## WHAT YOU HAVE TO DO
Where a line below holds the string "gmulE", count it; then give the total without any other words.

## EXERCISE DATA

● ● ● ● ●

(* Let $K$ be a division ring, $G$ a group, and suppose $a,b\in K[G]$, each of rank $\ge2$, satisfy $ab=1$. Then there is a subgroup $H$ of $G$ such that, letting $c=E^G_H(a)$ and $d=E^G_H(b)$: (i) $cd=1$; (ii) the ranks of $c$ and $d$ are both $\ge2$; (iii) the support of $c$ generates $H$; (iv) the support of $d$ generates $H$. Furthermore, if also $dc=1$, then $a=c$ and $b=d$.
   Context: $K[G]$ is the group ring; the support of an element is the set of group elements with nonzero coefficient and its rank is the cardinality of the support. For a subgroup $H\le G$, $E^G_H:K[G]\to K[H]$ is the $K$-linear map with $E^G_H(g)=g$ for $g\in H$ and $E^G_H(g)=0$ for $g\in G\setminus H$. *)

(* group rings K[G] over an arbitrary (possibly infinite) group G,
   elements are finitely supported functions G -> K (finmap's fsfun). *)
From HB Require Import structures.
From mathcomp Require Import all_boot all_order all_algebra all_fingroup.
From mathcomp Require Import finmap.

Set Implicit Arguments.
Unset Strict Implicit.
Unset Printing Implicit Defensive.

Import GRing.Theory.
Local Open Scope fset_scope.
Local Open Scope ring_scope.

Section GroupRing.
Variables (K : unitRingType) (G : groupType).

Definition grpring := {fsfun G -> K with 0}.

Definition gsupp (a : grpring) : {fset G} := finsupp a.
Definition grank (a : grpring) : nat := #|` finsupp a|.

Definition gone : grpring := [fsfun g in [fset 1%g] => (1 : K) | 0].

Definition gmul (a b : grpring) : grpring :=
  [fsfun g in [fset (x * y)%g | x in finsupp a, y in finsupp b] =>
     \sum_(h <- finsupp a) a h * b (h^-1 * g)%g | 0].

(* E^G_H : K[G] -> K[H], with K[H] viewed inside K[G] *)
Definition gproj (H : {pred G}) (a : grpring) : grpring :=
  [fsfun g in finsupp a => (if g \in H then a g else 0) | 0].

Definition generates (S : {fset G}) (H : {pred G}) : Prop :=
  [/\ group_closed H, {subset S <= H} &
      forall H' : {pred G}, group_closed H' -> {subset S <= H'} -> {subset H <= H'}].

End GroupRing.

From HB Require Import structures.
From mathcomp Require Import all_boot all_order all_algebra all_fingroup.
From mathcomp Require Import finmap boolp.

(* Start from H = <supp a> and, as long as one of the supports of c = E_H(a),
   d = E_H(b) generates a proper subgroup L of H, replace H by L.  Since E_L is
   K[L]-linear on both sides, fixes 1 and fixes the factor whose support
   generates L, the identity cd = 1 survives; by uniqueness of inverses so does
   "dc = 1 implies c = a and d = b".  Every H met is generated by a subset of
   supp a \cup supp b, so the number of elements of that finite set lying in H
   strictly decreases, and the process stops at an H generated by both
   supports.  Finally, if c or d had rank 1 it would be an invertible monomial,
   whence dc = 1, c = a and d = b, contradicting the rank hypotheses. *)

Set Implicit Arguments.
Unset Strict Implicit.
Unset Printing Implicit Defensive.
Import GRing.Theory.
Local Open Scope fset_scope.
Local Open Scope ring_scope.

Section ClosedGroup.
Variables (G : groupType) (L : {pred G}).
Hypothesis L_group : group_closed L.

Lemma group_closed_memV g : ((g^-1)%g \in L) = (g \in L).
Proof.
by apply/idP/idP => /(group_closedV L_group) //; rewrite invgK.
Qed.

Lemma group_closed_mulVl h g : h \in L -> ((h^-1 * g)%g \in L) = (g \in L).
Proof.
move=> hL; apply/idP/idP => [|gL].
  by rewrite -{2}(mulKVg h g); apply: (group_closedM L_group).
by apply: (group_closedM L_group); rewrite ?group_closed_memV.
Qed.

Lemma group_closed_mulVr h g : g \in L -> ((h^-1 * g)%g \in L) = (h \in L).
Proof.
move=> gL; rewrite -(group_closed_memV (h^-1 * g)) invgM invgK.
exact: group_closed_mulVl.
Qed.

End ClosedGroup.

Section GeneratedSubgroup.
Variable G : groupType.
Implicit Types (S T U : {fset G}) (H : {pred G}).

Definition gengroup S : {pred G} :=
  [pred g | `[< forall H, group_closed H -> {subset S <= H} -> g \in H >]].

Lemma mem_gengroup S g :
  g \in gengroup S <-> forall H, group_closed H -> {subset S <= H} -> g \in H.
Proof. by rewrite inE; split => /asboolP. Qed.

Lemma gengroup_closed S : group_closed (gengroup S).
Proof.
split; first by apply/mem_gengroup => H [].
move=> u v /mem_gengroup uS /mem_gengroup vS; apply/mem_gengroup => H H_group SH.
by case: (H_group) => _; apply; [apply: uS | apply: vS].
Qed.

Lemma sub_gengroup S : {subset S <= gengroup S}.
Proof. by move=> x xS; apply/mem_gengroup => H _; apply. Qed.

Lemma gengroup_min S H : group_closed H -> {subset S <= H} -> {subset gengroup S <= H}.
Proof. by move=> H_group SH x /mem_gengroup; apply. Qed.

Lemma generates_gengroup S H : H =i gengroup S -> generates S H.
Proof.
move=> eqH; split.
- split => [|u v]; rewrite !eqH; first by case: (gengroup_closed S).
  by case: (gengroup_closed S) => _; apply.
- by move=> x /sub_gengroup; rewrite eqH.
- by move=> H' H'_group SH' x; rewrite eqH; apply: gengroup_min.
Qed.

Lemma card_gengroup_lt U S T : S `<=` U -> {subset T <= gengroup S} ->
  ~ gengroup S =i gengroup T ->
  (#|` [fset x in U | x \in gengroup T]| < #|` [fset x in U | x \in gengroup S]|)%N.
Proof.
move=> SU TS neqST; have TS' := gengroup_min (gengroup_closed S) TS.
have sub : [fset x in U | x \in gengroup T] `<=` [fset x in U | x \in gengroup S].
  by apply/fsubsetP => x; rewrite !inE => /andP[-> /TS'].
apply: fproper_ltn_card; rewrite fproperEneq sub andbT; apply/eqP => eqUTS.
apply: neqST => x; apply/idP/idP => [|/TS' //].
apply: gengroup_min x; first exact: gengroup_closed.
move=> s sS; have : s \in [fset x in U | x \in gengroup S].
  by rewrite !inE; apply/andP; split; [apply: (fsubsetP SU) | apply: sub_gengroup].
by rewrite -eqUTS !inE => /andP[].
Qed.

End GeneratedSubgroup.

Section GroupRing.
Variables (K : unitRingType) (G : groupType).
Implicit Types (a b c : grpring K G) (g h : G) (X : {fset G}).

Lemma goneE g : gone K G g = if g == 1%g then 1 else 0.
Proof. by rewrite fsfunE in_fset1. Qed.

Lemma finsupp_gone : finsupp (gone K G) `<=` [fset 1%g].
Proof. exact: finsupp_sub. Qed.

Lemma finsupp_gmul a b :
  finsupp (gmul a b) `<=` [fset (x * y)%g | x in finsupp a, y in finsupp b].
Proof. exact: finsupp_sub. Qed.

Lemma gmulE a b X g : finsupp a `<=` X ->
  gmul a b g = \sum_(h <- X) a h * b (h^-1 * g)%g.
Proof.
move=> aX; rewrite fsfunE; case: ifPn => [_|gNab].
  by apply: big_fset_incl => // h _ /fsfun_dflt ->; rewrite mul0r.
apply/esym/big1_fset => h _ _.
have [ha|/fsfun_dflt ->] := boolP (h \in finsupp a); last by rewrite mul0r.
have [hg|/fsfun_dflt ->] := boolP ((h^-1 * g)%g \in finsupp b); last by rewrite mulr0.
by move: gNab; rewrite -{1}(mulKVg h g) in_imfset2.
Qed.

Lemma gmul1l : left_id (gone K G) (@gmul K G).
Proof.
move=> a; apply/fsfunP => g; rewrite (gmulE _ _ finsupp_gone) big_seq_fset1.
by rewrite goneE eqxx mul1r invg1 mul1g.
Qed.

Lemma gmul1r : right_id (gone K G) (@gmul K G).
Proof.
move=> a; apply/fsfunP => g.
rewrite (gmulE _ _ (fsubsetUr [fset g] _)) (big_fsetD1 g) ?fsetU11 //=.
rewrite goneE mulVg eqxx mulr1 big1_fset ?addr0 // => h; rewrite !inE => /andP[hg _] _.
by rewrite goneE -(inj_eq (mulgI h)) mulKVg mulg1 eq_sym (negPf hg) mulr0.
Qed.

Lemma gmulA : associative (@gmul K G).
Proof.
move=> a b c; apply/fsfunP => g.
rewrite (gmulE _ _ (finsupp_gmul a b)) (gmulE _ _ (fsubset_refl (finsupp a))).
under [RHS]eq_bigr do rewrite (gmulE _ _ (fsubset_refl (finsupp a))) mulr_suml.
rewrite [RHS]exchange_big /=; apply: eq_big_seq => h ha.
rewrite (gmulE _ _ (fsubset_refl (finsupp b))) mulr_sumr.
have hbX : [fset (h * y)%g | y in finsupp b] `<=`
           [fset (x * y)%g | x in finsupp a, y in finsupp b].
  by apply/fsubsetP => _ /imfsetP[y /= yb ->]; rewrite in_imfset2.
rewrite -(big_fset_incl _ hbX); last first.
  move=> x _ xNhb.
  have [hx|/fsfun_dflt ->] := boolP ((h^-1 * x)%g \in finsupp b); last by rewrite mulr0 mul0r.
  by move: xNhb; rewrite -{1}(mulKVg h x) in_imfset.
rewrite big_imfset /=; last by move=> x y _ _; apply: mulgI.
apply: eq_bigr => y _; by rewrite mulKg invgM mulgA mulrA.
Qed.

Lemma gmul_inv_uniq a b c : gmul b a = gone K G -> gmul a c = gone K G -> b = c.
Proof. by move=> ba ac; rewrite -[b]gmul1r -ac gmulA ba gmul1l. Qed.

Lemma gprojE (L : {pred G}) a g : gproj L a g = if g \in L then a g else 0.
Proof. by rewrite fsfunE; case: finsuppP; case: ifP. Qed.

Lemma finsupp_gproj (L : {pred G}) a : finsupp (gproj L a) `<=` finsupp a.
Proof. exact: finsupp_sub. Qed.

Lemma finsupp_gproj_in (L : {pred G}) a : {subset finsupp (gproj L a) <= L}.
Proof. by move=> g; rewrite mem_finsupp gprojE; case: ifP; rewrite ?eqxx. Qed.

Lemma gproj_id (L : {pred G}) a : {subset finsupp a <= L} -> gproj L a = a.
Proof.
move=> aL; apply/fsfunP => g; rewrite gprojE; case: ifPn => // gNL.
by rewrite fsfun_dflt //; apply: contra gNL => /aL.
Qed.

Lemma gproj_comp (L H : {pred G}) a : {subset L <= H} -> gproj L (gproj H a) = gproj L a.
Proof. by move=> LH; apply/fsfunP => g; rewrite !gprojE; case: ifP => // /LH ->. Qed.

Section SubgroupProjection.
Variable L : {pred G}.
Hypothesis L_group : group_closed L.

Lemma gproj_gone : gproj L (gone K G) = gone K G.
Proof.
apply: gproj_id => g /(fsubsetP finsupp_gone); rewrite in_fset1 => /eqP ->.
by case: L_group.
Qed.

Lemma gprojMl a b : {subset finsupp a <= L} -> gproj L (gmul a b) = gmul a (gproj L b).
Proof.
move=> aL; apply/fsfunP => g; rewrite gprojE !(gmulE _ _ (fsubset_refl (finsupp a))).
case: ifPn => gL.
  by apply: eq_big_seq => h /aL hL; rewrite gprojE (group_closed_mulVl L_group) ?gL.
apply/esym/big1_seq => h /andP[_ /aL hL].
by rewrite gprojE (group_closed_mulVl L_group) // (negPf gL) mulr0.
Qed.

Lemma gprojMr a b : {subset finsupp b <= L} -> gproj L (gmul a b) = gmul (gproj L a) b.
Proof.
move=> bL; apply/fsfunP => g.
rewrite gprojE (gmulE _ _ (fsubset_refl (finsupp a))) (gmulE _ _ (finsupp_gproj L a)).
case: ifPn => gL.
  apply: eq_bigr => h _; rewrite gprojE; case: ifPn => // hNL.
  rewrite [b _]fsfun_dflt ?mulr0 ?mul0r //; apply: contra hNL => /bL.
  by rewrite (group_closed_mulVr L_group).
apply/esym/big1 => h _; rewrite gprojE; case: ifPn => hL; last by rewrite mul0r.
rewrite [b _]fsfun_dflt ?mulr0 //; apply: contra gL => /bL.
by rewrite (group_closed_mulVl L_group).
Qed.

End SubgroupProjection.

Definition gmono g (k : K) : grpring K G := [fsfun x in [fset g] => k | 0].

Lemma gmonoE g k x : gmono g k x = if x == g then k else 0.
Proof. by rewrite fsfunE in_fset1. Qed.

Lemma gmul_mono g k h l : gmul (gmono g k) (gmono h l) = gmono (g * h)%g (k * l).
Proof.
apply/fsfunP => x; rewrite (gmulE _ _ (finsupp_sub _ _ _)) big_seq_fset1 !gmonoE eqxx.
by rewrite -(inj_eq (mulgI g)) mulKVg; case: eqP; rewrite ?mulr0.
Qed.

Lemma gmono_inv g k : k \is a GRing.unit ->
  gmul (gmono g k) (gmono g^-1 k^-1) = gone K G /\
  gmul (gmono g^-1 k^-1) (gmono g k) = gone K G.
Proof. by move=> ku; rewrite !gmul_mono mulgV mulVg mulrV ?mulVr. Qed.

Lemma finsupp1_gmono a g : finsupp a = [fset g] -> a = gmono g (a g).
Proof.
move=> ag; apply/fsfunP => x; rewrite gmonoE; case: eqP => [->|/eqP xg] //.
by rewrite fsfun_dflt // ag in_fset1.
Qed.

Lemma gmul_eq1_grank_gt0 a b : gmul a b = gone K G ->
  (0 < grank a)%N /\ (0 < grank b)%N.
Proof.
move=> ab; have := congr1 (fun f : grpring K G => f 1%g) ab.
rewrite goneE eqxx (gmulE _ _ (fsubset_refl _)) => ab1.
split; rewrite lt0n; apply/negP => /eqP/cardfs0_eq supp0; move: ab1.
  by rewrite supp0 big_seq_fset0 => /eqP; rewrite eq_sym oner_eq0.
rewrite big1_fset => [/eqP|h _ _]; first by rewrite eq_sym oner_eq0.
by rewrite [b _]fsfun_dflt ?supp0 ?mulr0.
Qed.

Section DivisionRing.
Hypothesis K_division : forall k : K, k != 0 -> k \is a GRing.unit.

Lemma gmul_eq1_commute a b : gmul a b = gone K G ->
  (grank a == 1)%N || (grank b == 1)%N -> gmul b a = gone K G.
Proof.
move=> ab /orP[] /cardfs1P[g supp_g]; have := fset11 g;
  rewrite -supp_g mem_finsupp => /K_division/(gmono_inv g)[rinv linv];
  rewrite -(finsupp1_gmono supp_g) in rinv linv.
- by rewrite -(gmul_inv_uniq linv ab).
- by rewrite (gmul_inv_uniq ab rinv).
Qed.

Lemma gmul_eq1_grank_ge2 a b : gmul a b = gone K G ->
  (gmul b a = gone K G -> (2 <= grank a)%N /\ (2 <= grank b)%N) ->
  (2 <= grank a)%N /\ (2 <= grank b)%N.
Proof.
move=> ab ba_ge2; have [a_gt0 b_gt0] := gmul_eq1_grank_gt0 ab.
have [/(gmul_eq1_commute ab)/ba_ge2 //|] :=
  boolP ((grank a == 1)%N || (grank b == 1)%N).
rewrite negb_or => /andP[a_neq1 b_neq1].
by split; rewrite ltn_neqAle eq_sym ?a_neq1 ?b_neq1.
Qed.

End DivisionRing.
End GroupRing.

Section Reduction.
Variables (K : unitRingType) (G : groupType) (a b : grpring K G).
Hypothesis ab1 : gmul a b = gone K G.
Local Notation U := (finsupp a `|` finsupp b).
Local Notation c S := (gproj (gengroup S) a).
Local Notation d S := (gproj (gengroup S) b).

Definition admissible (S : {fset G}) :=
  [/\ S `<=` U, gmul (c S) (d S) = gone K G &
      gmul (d S) (c S) = gone K G -> a = c S /\ b = d S].

Lemma admissible_finsupp : admissible (finsupp a).
Proof.
have ca : c (finsupp a) = a by apply: gproj_id; apply: sub_gengroup.
split; first exact: fsubsetUl.
  rewrite ca -(gprojMl (gengroup_closed _)) ?ab1 ?gproj_gone //.
    exact: gengroup_closed.
  exact: sub_gengroup.
by rewrite ca => da; rewrite (gmul_inv_uniq da ab1).
Qed.

Lemma admissible_finsupp_l S : admissible S -> admissible (finsupp (c S)).
Proof.
case=> SU cd cd_inv; set T := finsupp (c S).
have TS := gengroup_min (gengroup_closed S) (@finsupp_gproj_in _ _ (gengroup S) a).
have cT : c T = c S by rewrite -(gproj_comp a TS) gproj_id //; apply: sub_gengroup.
split; first exact: fsubset_trans (finsupp_gproj _ _) (fsubsetUl _ _).
  rewrite cT -(gproj_comp b TS) -(gprojMl (gengroup_closed T)) ?cd ?gproj_gone //.
    exact: gengroup_closed.
  exact: sub_gengroup.
rewrite cT => dc; have dT : d T = d S := gmul_inv_uniq dc cd.
by rewrite dT; apply: cd_inv; rewrite -dT.
Qed.

Lemma admissible_finsupp_r S : admissible S -> admissible (finsupp (d S)).
Proof.
case=> SU cd cd_inv; set T := finsupp (d S).
have TS := gengroup_min (gengroup_closed S) (@finsupp_gproj_in _ _ (gengroup S) b).
have dT : d T = d S by rewrite -(gproj_comp b TS) gproj_id //; apply: sub_gengroup.
split; first exact: fsubset_trans (finsupp_gproj _ _) (fsubsetUr _ _).
  rewrite dT -(gproj_comp a TS) -(gprojMr (gengroup_closed T)) ?cd ?gproj_gone //.
    exact: gengroup_closed.
  exact: sub_gengroup.
rewrite dT => dc; have cT : c S = c T := gmul_inv_uniq cd dc.
by rewrite -cT; apply: cd_inv; rewrite cT.
Qed.

Lemma admissible_fixpoint : exists2 S, admissible S &
  gengroup S =i gengroup (finsupp (c S)) /\ gengroup S =i gengroup (finsupp (d S)).
Proof.
pose size S := #|` [fset x in U | x \in gengroup S]|.
move: (finsupp a) admissible_finsupp => S adm; have [n] := ubnP (size S).
elim: n S adm => // n IH S adm; rewrite ltnS => size_le; have [SU _ _] := adm.
have [eqc|neqc] := pselect (gengroup S =i gengroup (finsupp (c S))); last first.
  apply: IH (admissible_finsupp_l adm) _; apply: leq_trans size_le.
  by apply: card_gengroup_lt SU _ neqc; apply: finsupp_gproj_in.
have [eqd|neqd] := pselect (gengroup S =i gengroup (finsupp (d S))); first by exists S.
apply: IH (admissible_finsupp_r adm) _; apply: leq_trans size_le.
by apply: card_gengroup_lt SU _ neqd; apply: finsupp_gproj_in.
Qed.

End Reduction.

Theorem proposition2p3 (K : unitRingType) (G : groupType)
  (hK : forall x : K, x != 0 -> x \is a GRing.unit)
  (a b : grpring K G) :
  (2 <= grank a)%N -> (2 <= grank b)%N -> gmul a b = gone K G ->
  exists H : {pred G},
    group_closed H /\
    [/\ gmul (gproj H a) (gproj H b) = gone K G,
        (2 <= grank (gproj H a))%N /\ (2 <= grank (gproj H b))%N,
        generates (gsupp (gproj H a)) H,
        generates (gsupp (gproj H b)) H &
        (gmul (gproj H b) (gproj H a) = gone K G ->
           a = gproj H a /\ b = gproj H b)].
Proof.
move=> ra rb ab1.
have [S [_ cd cd_inv] [eqc eqd]] := admissible_fixpoint ab1.
exists (gengroup S); split; first exact: gengroup_closed.
split => //; try exact: generates_gengroup.
apply: (gmul_eq1_grank_ge2 hK cd) => dc.
by have [<- <-] := cd_inv dc.
Qed.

● ● ● ● ●

## ANSWER BELOW
10